For more details, refer to this paper [ Understanding the Disharmony between Dropout and Batch Normalization by Variance Shift ] as already mentioned by @Haramoz in the comments.有关更多详细信息,请参阅@Haramoz 在评论中已经提到的这篇论文 [通过 Variance Shift 了解 Dropout 和 Batch Normalization 之间的不和谐]。

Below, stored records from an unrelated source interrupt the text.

(* Let $N\trianglelefteq G\trianglelefteq H$ be finite groups with $N\trianglelefteq H$, let $b$ be an $H$-stable block of $kG$ covering a block $c$ of $kN$, let $I_H(c)=\{h\in H\mid{}^hc=c\}$, $I_G(c)=I_H(c)\cap G$, and let $\tilde b$ be the Fong correspondent of $b$ in $I_G(c)$. Then there exist a $p$-subgroup $P$ of $I_H(c)$ and a primitive idempotent $i$ of $(kI_G(c)\tilde b)^P$ such that: $P$ is maximal among $p$-subgroups $Q$ of $H$ with $\mathrm{Br}^G_Q(b)\ne0$; $P$ is maximal among $p$-subgroups $Q$ of $I_H(c)$ with $\mathrm{Br}^{I_G(c)}_Q(\tilde b)\neq0$; $i$ is a primitive idempotent of $(kGb)^P$; and $\mathrm{Br}^G_P(i)\ne0$. Thus $i$ is a source idempotent both of the $I_H(c)$-algebra $kI_G(c)\tilde b$ and of the $H$-algebra $kGb$.
   Context: $k$ is an algebraically closed field of characteristic $p$; blocks are primitive idempotents of $Z(kG)$; $\mathrm{Br}^G_Q:(kG)^Q\to kC_G(Q)$ sends $\sum\alpha_gg$ to $\sum_{g\in C_G(Q)}\alpha_gg$. A block $b$ of $kG$ covers a block $c$ of $kN$ ($N\trianglelefteq G$) if $bc\ne 0$. The Fong correspondent of $b$ is the unique block $\tilde b$ of $kI_G(c)$ covering $c$ with $b=\mathrm{Tr}^G_{I_G(c)}(\tilde b)=\sum_{x\in[G/I_G(c)]}{}^x\tilde b$. A source idempotent of the $H$-algebra $kGb$ is a primitive idempotent $i\in(kGb)^P$ with $\mathrm{Br}^G_P(i)\ne0$, where $P\le H$ is a $p$-subgroup maximal with $\mathrm{Br}^G_P(b)\ne0$. *)

From HB Require Import structures.
From mathcomp Require Import all_boot all_order all_algebra all_fingroup all_solvable.
From mathcomp Require Import pgroup.
Set Implicit Arguments. Unset Strict Implicit. Unset Printing Implicit Defensive.
Import GRing.Theory.
Local Open Scope ring_scope.

(* Group algebras are modelled inside the group algebra k[gT] of the ambient
   finite group type gT: an element is a function gT -> k (its coefficients).
   kA (A a subset of gT) = elements supported in A. *)
Section GroupAlgebra.
Variables (F : fieldType) (gT : finGroupType).

Definition galg := {ffun gT -> F}.

Definition gmul (a b : galg) : galg :=
  [ffun x => \sum_(y : gT) a y * b ((y^-1 * x)%g)].

Definition gsupp (A : {set gT}) (a : galg) : Prop :=
  forall x, x \notin A -> a x = 0.

(* ^h a = h a h^-1 ; coefficient of x is a(h^-1 x h) = a (x ^ h) *)
Definition gconj (h : gT) (a : galg) : galg := [ffun x => a (x ^ h)%g].

Definition gfixed (Q : {set gT}) (a : galg) : Prop :=
  forall q, q \in Q -> gconj q a = a.

(* Brauer morphism Br_Q : keeps the coefficients on C(Q); on (kG)^Q this is
   sum_{g in C_G(Q)} a_g g. *)
Definition gBr (Q : {set gT}) (a : galg) : galg :=
  [ffun x => if x \in ('C(Q))%g then a x else 0].

Definition gcenter (A : {set gT}) (a : galg) : Prop :=
  gsupp A a /\ forall c, gsupp A c -> gmul a c = gmul c a.

Definition prim_idem (Alg : galg -> Prop) (e : galg) : Prop :=
  [/\ Alg e, gmul e e = e, e != 0 &
      forall f, Alg f -> gmul f f = f -> gmul f e = f -> gmul e f = f ->
        f = 0 \/ f = e].

Definition gblock (A : {set gT}) (b : galg) : Prop := prim_idem (gcenter A) b.

Definition covers (b c : galg) : Prop := gmul b c != 0.

Definition inertia (H : {set gT}) (c : galg) : {set gT} :=
  [set h in H | gconj h c == c].

Definition gTr (G K : {set gT}) (a : galg) : galg :=
  \sum_(X in lcosets K G) gconj (repr X) a.

Definition fixalg (A : {set gT}) (e : galg) (Q : {set gT}) (a : galg) : Prop :=
  [/\ gsupp A a, gmul a e = a & gfixed Q a].

Definition maxBr (p : nat) (H : {set gT}) (b : galg) (P : {group gT}) : Prop :=
  [/\ (p.-group P)%g, P \subset H, gBr P b != 0 &
      forall Q : {group gT}, (p.-group Q)%g -> Q \subset H -> gBr Q b != 0 ->
        P \subset Q -> Q :=: P].

End GroupAlgebra.

From HB Require Import structures.
From mathcomp Require Import all_boot all_order all_algebra all_fingroup all_solvable.
From mathcomp Require Import pgroup.
From Stdlib Require Import Classical.
Set Implicit Arguments. Unset Strict Implicit. Unset Printing Implicit Defensive.
Import GRing.Theory.
Local Open Scope ring_scope.

(* For h in H \ I the block ^h c of kN differs from c, hence is orthogonal to
   it; as bt = c bt = bt c, also bt is orthogonal to ^h bt.  Expanding the
   trace, this gives b bt = bt = bt b, shows that I fixes bt, that H = G I, and
   that bt (kG) bt lies in kJ.  Now choose a p-subgroup P of I of maximal order
   with Br_P(bt) <> 0 and a primitive idempotent i of (kJ bt)^P with
   Br_P(i) <> 0.  P is maximal for (I, bt) by construction.  Since Br_P is
   multiplicative on P-fixed elements, Br_P(b) <> 0; writing b as the sum of
   the conjugates of bt over I\H and counting fixed points of a p-group modulo
   p shows that every Q with Br_Q(b) <> 0 has a conjugate inside I with
   Br(bt) <> 0, so |Q| <= |P| and P is maximal for (H, b).  Finally every
   idempotent of (kG b)^P below i lies in i (bt kG bt) i, hence in (kJ bt)^P,
   so i stays primitive in (kG b)^P. *)

Section GroupAlgebra.
Variables (F : fieldType) (gT : finGroupType).
Local Notation galg := (galg F gT).
Implicit Types (a b e f : galg) (A : {group gT}) (g h x y : gT).

Lemma gmulE a b x : gmul a b x = \sum_(y : gT) a y * b ((y^-1 * x)%g).
Proof. by rewrite ffunE. Qed.

Lemma gmulA a b e : gmul (gmul a b) e = gmul a (gmul b e).
Proof.
apply/ffunP=> x; rewrite !gmulE.
under eq_bigr do rewrite gmulE mulr_suml.
rewrite exchange_big /=; apply: eq_bigr => y _.
rewrite gmulE mulr_sumr (reindex_inj (mulgI y)) /=.
by apply: eq_bigr => z _; rewrite mulKg invMg -!mulgA mulrA.
Qed.

Lemma gmulDl a b e : gmul (a + b) e = gmul a e + gmul b e.
Proof.
apply/ffunP=> x; rewrite !ffunE -big_split.
by apply: eq_bigr => y _; rewrite ffunE mulrDl.
Qed.

Lemma gmulDr a b e : gmul e (a + b) = gmul e a + gmul e b.
Proof.
apply/ffunP=> x; rewrite !ffunE -big_split.
by apply: eq_bigr => y _; rewrite ffunE mulrDr.
Qed.

Lemma gmulBl a b e : gmul (a - b) e = gmul a e - gmul b e.
Proof.
apply/ffunP=> x; rewrite !ffunE -sumrB.
by apply: eq_bigr => y _; rewrite !ffunE mulrBl.
Qed.

Lemma gmulBr a b e : gmul e (a - b) = gmul e a - gmul e b.
Proof.
apply/ffunP=> x; rewrite !ffunE -sumrB.
by apply: eq_bigr => y _; rewrite !ffunE mulrBr.
Qed.

Lemma gmul0l e : gmul 0 e = 0.
Proof. by apply/ffunP=> x; rewrite !ffunE big1 // => y _; rewrite ffunE mul0r. Qed.

Lemma gmul0r e : gmul e 0 = 0.
Proof. by apply/ffunP=> x; rewrite !ffunE big1 // => y _; rewrite ffunE mulr0. Qed.
(* Let $S$ be a countably compact Hausdorff topological Clifford semigroup which is a strong semilattice of topological groups. The following are equivalent: (1) $S$ is metrizable; (2) $E(S)$ is a $G_\delta$-subset of $S$; (3) for every $e\in E(S)$, the singleton $\{e\}$ is a $G_\delta$-subset of $G_e$.
   Context: A Clifford semigroup is an inverse semigroup (each $x$ has a unique $x^{-1}$ with $xx^{-1}x=x$, $x^{-1}xx^{-1}=x^{-1}$) with $xx^{-1}=x^{-1}x$ for all $x$; topological means multiplication and inversion are continuous. $E(S)$ is the set of idempotents, ordered by $e\le f\iff ef=e$; $G_e:=\{x: xx^{-1}=e\}$; $\varphi_{f,e}\colon G_f\to G_e$, $x\mapsto ex$. $S$ is a strong semilattice of topological groups if the bonding maps are continuous and the topology of $S$ is the disjoint-union topology of the subspaces $G_e$. A $G_\delta$-subset is a countable intersection of open sets. Known fact that may be used (Metrizability of Clifford topological semigroups, Thm 3.4): a countably compact Hausdorff topological Clifford semigroup $S$ is metrizable provided $E(S)$ is a metrizable $G_\delta$-subset of $S$. *)

From HB Require Import structures.
From Stdlib Require Import Rdefinitions Raxioms.
From mathcomp Require Import all_boot all_order all_algebra.
From mathcomp Require Import all_classical all_reals topology borel_hierarchy.
Set Implicit Arguments. Unset Strict Implicit. Unset Printing Implicit Defensive.
Local Open Scope classical_set_scope.

Section Clifford.
Context {S : topologicalType} (mul : S -> S -> S) (inv : S -> S).
(* For [a] orthogonal to [C], the translation [x |-> x + a] is an automorphism
   disregarding vertex colouring.  The parity difference
   [D y i = pi (y + a) i + pi y i] sums to [0] around every (i,j,i,j) square,
   so summing it along monotone paths of the cube yields a switching function
   [s] with [D y i = s y + s (y + e_i)].  It is constant on cosets of [C]
   because moving the base point of the loop along a codeword [w] by [e_j]
   changes the parity sum of [pi] along [w] by [w_j] (the squares contribute
   [1] each and [wt w] is even), so [s w = <a, w> = 0].  Hence the orbit of
   [x0] contains [x0 + a] for all such [a], forcing [<a, c> = 0], i.e. [c] lies
   in the double orthogonal of [C], which is [C]. *)

From HB Require Import structures.
From mathcomp Require Import all_boot all_order all_algebra ring.
Set Implicit Arguments. Unset Strict Implicit. Unset Printing Implicit Defensive.
Import GRing.Theory VectorInternalTheory.
Local Open Scope ring_scope.

Lemma pchar_F2 : 2%N \in [pchar 'F_2].
Proof. exact: pchar_Fp. Qed.

Lemma F2_addrr (z : 'F_2) : z + z = 0.
Proof. exact: addrr_pchar2 pchar_F2 z. Qed.

Lemma F2_cases (z : 'F_2) : z = 0 \/ z = 1.
Proof. by case: z => [[|[|//]] ?]; [left | right]; apply/val_inj. Qed.

Lemma F2_add_eq (a b c : 'F_2) : a + b = c -> a = b + c.
Proof. by move<-; rewrite addrCA F2_addrr addr0. Qed.

Lemma F2_telescope (u : nat -> 'F_2) n : \sum_(i < n) (u i.+1 + u i) = u n + u 0%N.
Proof.
rewrite -(big_mkord xpredT (fun i => u i.+1 + u i)).
under eq_bigr => i _ do rewrite -(GRing.subr_pchar2 pchar_F2).
by rewrite telescope_sumr // (GRing.subr_pchar2 pchar_F2).
Qed.

Section PathSums.

Variable N : nat.
Implicit Types (x y z w : word N) (F : word N -> 'I_N -> 'F_2).

Lemma ev_entry (i j : 'I_N) : ev i 0 j = (i == j)%:R.
Proof. by rewrite /ev mxE eqxx eq_sym. Qed.

Definition pref (i : nat) x : word N := \row_j (if (j < i)%N then x 0 j else 0).

Lemma pref0 x : pref 0 x = 0.
Proof. by apply/rowP => j; rewrite !mxE. Qed.

Lemma pref_full x : pref N x = x.
Proof. by apply/rowP => j; rewrite !mxE ltn_ord. Qed.

Lemma prefD i x y : pref i (x + y) = pref i x + pref i y.
Proof. by apply/rowP => j; rewrite !mxE; case: ifP; rewrite ?addr0. Qed.

Lemma prefS (i : 'I_N) x : pref i.+1 x = pref i x + x 0 i *: ev i.
Proof.
apply/rowP => j; rewrite !mxE eqxx /= ltnS leq_eqVlt.
case: (eqVneq j i) => [->|ne_ji]; first by rewrite eqxx ltnn add0r mulr1.
by rewrite (_ : (j == i :> nat) = false) ?mulr0 ?addr0 //; exact: negbTE.
Qed.

Lemma pref_ev i (j : 'I_N) : pref i (ev j) = if (j < i)%N then ev j else 0.
Proof.
apply/rowP => k; rewrite mxE ev_entry; case: (eqVneq j k) => [->|ne_jk].
  by case: ifP; rewrite ?ev_entry ?eqxx ?mxE.
by case: ifP; case: ifP; rewrite ?ev_entry ?mxE // (negbTE ne_jk).
Qed.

Conv - Activation - DropOut - BatchNorm - Pool --> Test_loss: 0.04261355847120285 Conv - 激活 - DropOut - BatchNorm - 池 --> Test_loss: 0.04261355847120285

Conv - Activation - DropOut - Pool - BatchNorm --> Test_loss: 0.050065308809280396转换 - 激活 - 丢弃 - 池 - BatchNorm --> Test_loss: 0.050065308809280396

Conv - Activation - BatchNorm - Pool - DropOut --> Test_loss: 0.04911309853196144 Conv - 激活 - BatchNorm - 池 - DropOut --> Test_loss: 0.04911309853196144

Conv - Activation - BatchNorm - DropOut - Pool --> Test_loss: 0.06809622049331665转换 - 激活 - BatchNorm - DropOut - 池 --> Test_loss: 0.06809622049331665

Conv - BatchNorm - Activation - DropOut - Pool --> Test_loss: 0.038886815309524536 Conv - BatchNorm - Activation - DropOut - Pool --> Test_loss: 0.038886815309524536

Conv - BatchNorm - Activation - Pool - DropOut --> Test_loss: 0.04126095026731491 Conv - BatchNorm - Activation - Pool - DropOut --> Test_loss: 0.04126095026731491

Conv - BatchNorm - DropOut - Activation - Pool --> Test_loss: 0.05142546817660332 Conv - BatchNorm - DropOut - 激活 - 池 --> Test_loss: 0.05142546817660332

Conv - DropOut - Activation - BatchNorm - Pool --> Test_loss: 0.04827788099646568 Conv - DropOut - Activation - BatchNorm - Pool --> Test_loss: 0.04827788099646568

Conv - DropOut - Activation - Pool - BatchNorm --> Test_loss: 0.04722036048769951 Conv - DropOut - Activation - Pool - BatchNorm --> Test_loss: 0.04722036048769951

Conv - DropOut - BatchNorm - Activation - Pool --> Test_loss: 0.03238215297460556 Conv - DropOut - BatchNorm - 激活 - 池 --> Test_loss: 0.03238215297460556


Trained on the MNIST dataset (20 epochs) with 2 convolutional modules (see below), followed each time with使用 2 个卷积模块(见下文)在 MNIST 数据集(20 个 epoch)上进行训练,每次都使用

model.add(Flatten())
model.add(layers.Dense(512, activation="elu"))
model.add(layers.Dense(10, activation="softmax"))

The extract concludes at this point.